OK, here's where I made another decision I'm thinking a lot of people will disagree with. I figured what the worst possible outcome of each event was, and what the RE was for it. With nobody on and nobody out, the worst possible outcome was one out with nobody on, while with two on and no out, the worst that could happen is a triple play. Obviously there's a greater chance of an out in the first situation than a triple play in the second situation, but I made no adjustment for that. I'm not sure if I should, or how to do so if I should.

The reason I did this is so there would be no negative values. I calculated the value of each event as being the difference between the RE of the outcome and the RE of the "worst possible" outcome. I also calculated the difference between the outcome and the "best possible" outcome -- which is, of course, a home run.

OK, so the next step is to add up the "value" of every event for the team, as well as the total of the difference between the value and best possible value. You then add up these totals for each player.

If the team wins, then each player's "Win Contribution" is the percentage of the total team value (this is why I set the baseline as the worst possible outcome -- so the lowest possible contribution is 0). If they lose, their "Loss Contribution" is the percentage of the team total of runs below the best possible outcome.

It's pretty simple, though I'm not yet sure how well it works. I've only run it for the Yankees for the first six games, and here are the totals:

Player          Wins Losses
Jorge Posada .356 .455
Hideki Matsui .312 .468
Alex Rodriguez .257 .550
Robinson Cano .219 .380
Derek Jeter .218 .367
Johnny Damon .199 .344
Jason Giambi .158 .476
Bernie Williams .116 .352
Gary Sheffield .086 .537
Miguel Cairo .048 .000
Bubba Crosby .021 .000
Andy Phillips .010 .000
Kelly Stinnett .000 .072
Hopefully, at the end of the season, this will reflect which players contributed most to victories and were most responsible for the defeats. As you can see, currently the most responsible player for the Yankees' defeats is Alex Rodriguez, just ahead of Gary Sheffield, because he's made outs in so many high-RE situations. If you want to convert these numbers to a winning percentage (which is fair), you'll find that no regular has a Pct. over .500 -- which of course isn't surprising. While A-Rod has the most loss contributions, he's also contributed heavily to their wins and his .319 Pct. is not much different than the team's .333, the regular with the worst Pct. is Gary Sheffield, who has been responsible for only about 4.3% of their wins, but 13.4% of their losses.

Now here's why I didn't do pitching and defense: lack of data.

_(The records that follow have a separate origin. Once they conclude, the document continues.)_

(* Let $s\ge 1$ be an integer, let $(G,Z)$ be a plantation, let $F=G\setminus Z$, and let $N$ be the set of vertices of $V(G)\setminus Z$ with a neighbour in $Z$. Suppose that every component of $F$ contains at least two vertices of $N$. Then there is a normal set $\mathcal{S}$ of transitions of $(G,Z)$ with $|\mathcal{S}|\ge |N|/4$.
   Context: Graphs are finite and simple. Two subgraphs are anticomplete if their vertex sets are disjoint and no edge joins them. $G$ is $s\mathcal{O}$-free if no $s$ cycles of $G$ are pairwise vertex-disjoint and pairwise anticomplete. $Z\subseteq V(G)$ is cycle-hitting if every cycle of $G$ has a vertex in $Z$. A plantation is a pair $(G,Z)$ with $G$ an $s\mathcal{O}$-free graph and $Z$ cycle-hitting. A transition of $(G,Z)$ is a path of $F$ of length at least one with both ends in $N$ and no internal vertex in $N$. A set $\mathcal{S}$ of transitions is normal if (i) for all distinct $P,Q\in\mathcal{S}$, either $P,Q$ are anticomplete or $P,Q$ have a common end, and (ii) each $P\in\mathcal{S}$ has an edge that belongs to no other member of $\mathcal{S}$. *)

From mathcomp Require Import all_boot.
Set Implicit Arguments. Unset Strict Implicit. Unset Printing Implicit Defensive.

Section Graphs.
Variables (T : finType) (e : rel T).

Definition simple_graph := symmetric e /\ irreflexive e.

Definition is_cycle (c : seq T) : Prop :=
  [/\ 3 <= size c, uniq c & cycle e c].

Definition anticomplete (A B : {set T}) : Prop :=
  [disjoint A & B] /\ (forall x y, x \in A -> y \in B -> ~~ e x y).

Definition sO_free (s : nat) : Prop :=
  ~ exists cs : seq (seq T),
      [/\ size cs = s,
          (forall i, i < s -> is_cycle (nth [::] cs i)) &
          (forall i j, i < s -> j < s -> i != j ->
             anticomplete [set x in nth [::] cs i] [set x in nth [::] cs j])].

Definition cycle_hitting (Z : {set T}) : Prop :=
  forall c, is_cycle c -> exists2 x, x \in c & x \in Z.

Definition plantation (s : nat) (Z : {set T}) : Prop :=
  simple_graph /\ sO_free s /\ cycle_hitting Z.

Definition Frel (Z : {set T}) : rel T :=
  fun x y => [&& e x y, x \notin Z & y \notin Z].

Definition Nset (Z : {set T}) : {set T} :=
  [set x | (x \notin Z) && [exists z, (z \in Z) && e x z]].

(* A path of F given by its vertex sequence; its length is size p - 1. *)
Definition is_pathF (Z : {set T}) (p : seq T) : Prop :=
  match p with
  | [::] => False
  | x :: q => uniq p /\ path (Frel Z) x q
  end.

Definition ends (p : seq T) : seq T :=
  if p is x :: q then [:: x; last x q] else [::].

Definition internal (p : seq T) : seq T :=
  if p is x :: q then behead (belast x q) else [::].

Definition pedges (p : seq T) : seq {set T} :=
  [seq [set ab.1; ab.2] | ab <- zip p (behead p)].

Definition transition (Z : {set T}) (p : seq T) : Prop :=
  [/\ is_pathF Z p, 2 <= size p,
      (forall x, x \in ends p -> x \in Nset Z) &
      (forall x, x \in internal p -> x \notin Nset Z)].

(* A normal set of transitions, given as a list S; members are indexed, and
   condition (ii) forces distinct indices to be distinct subgraphs, so
   size S is the number of transitions in the set. *)
Definition normal_set (S : seq (seq T)) : Prop :=
  (forall i j, i < size S -> j < size S -> i != j ->
     let P := nth [::] S i in let Q := nth [::] S j in
     anticomplete [set x in P] [set x in Q] \/
     exists2 x, x \in ends P & x \in ends Q) /\
  (forall i, i < size S -> exists2 E, E \in pedges (nth [::] S i) &
     forall j, j < size S -> j != i -> E \notin pedges (nth [::] S j)).

End Graphs.

From mathcomp Require Import all_boot zify.
Set Implicit Arguments. Unset Strict Implicit. Unset Printing Implicit Defensive.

A pitcher's value shouldn't be based on the outcome except for walks, strikeouts and homers. For any ball in play the value should be the expected run value of where he hit the ball -- the difference between that and the outcome goes to the fielder. I suppose I could buy the data from BIS or STATS or something, but that would cost a LOT. I'd then have to parse the data by Base-Out state to find values for each point on the field. I'd love to have the data and time to do that, but for now let's see how nicely this stat works out, then maybe we'll go more in-depth.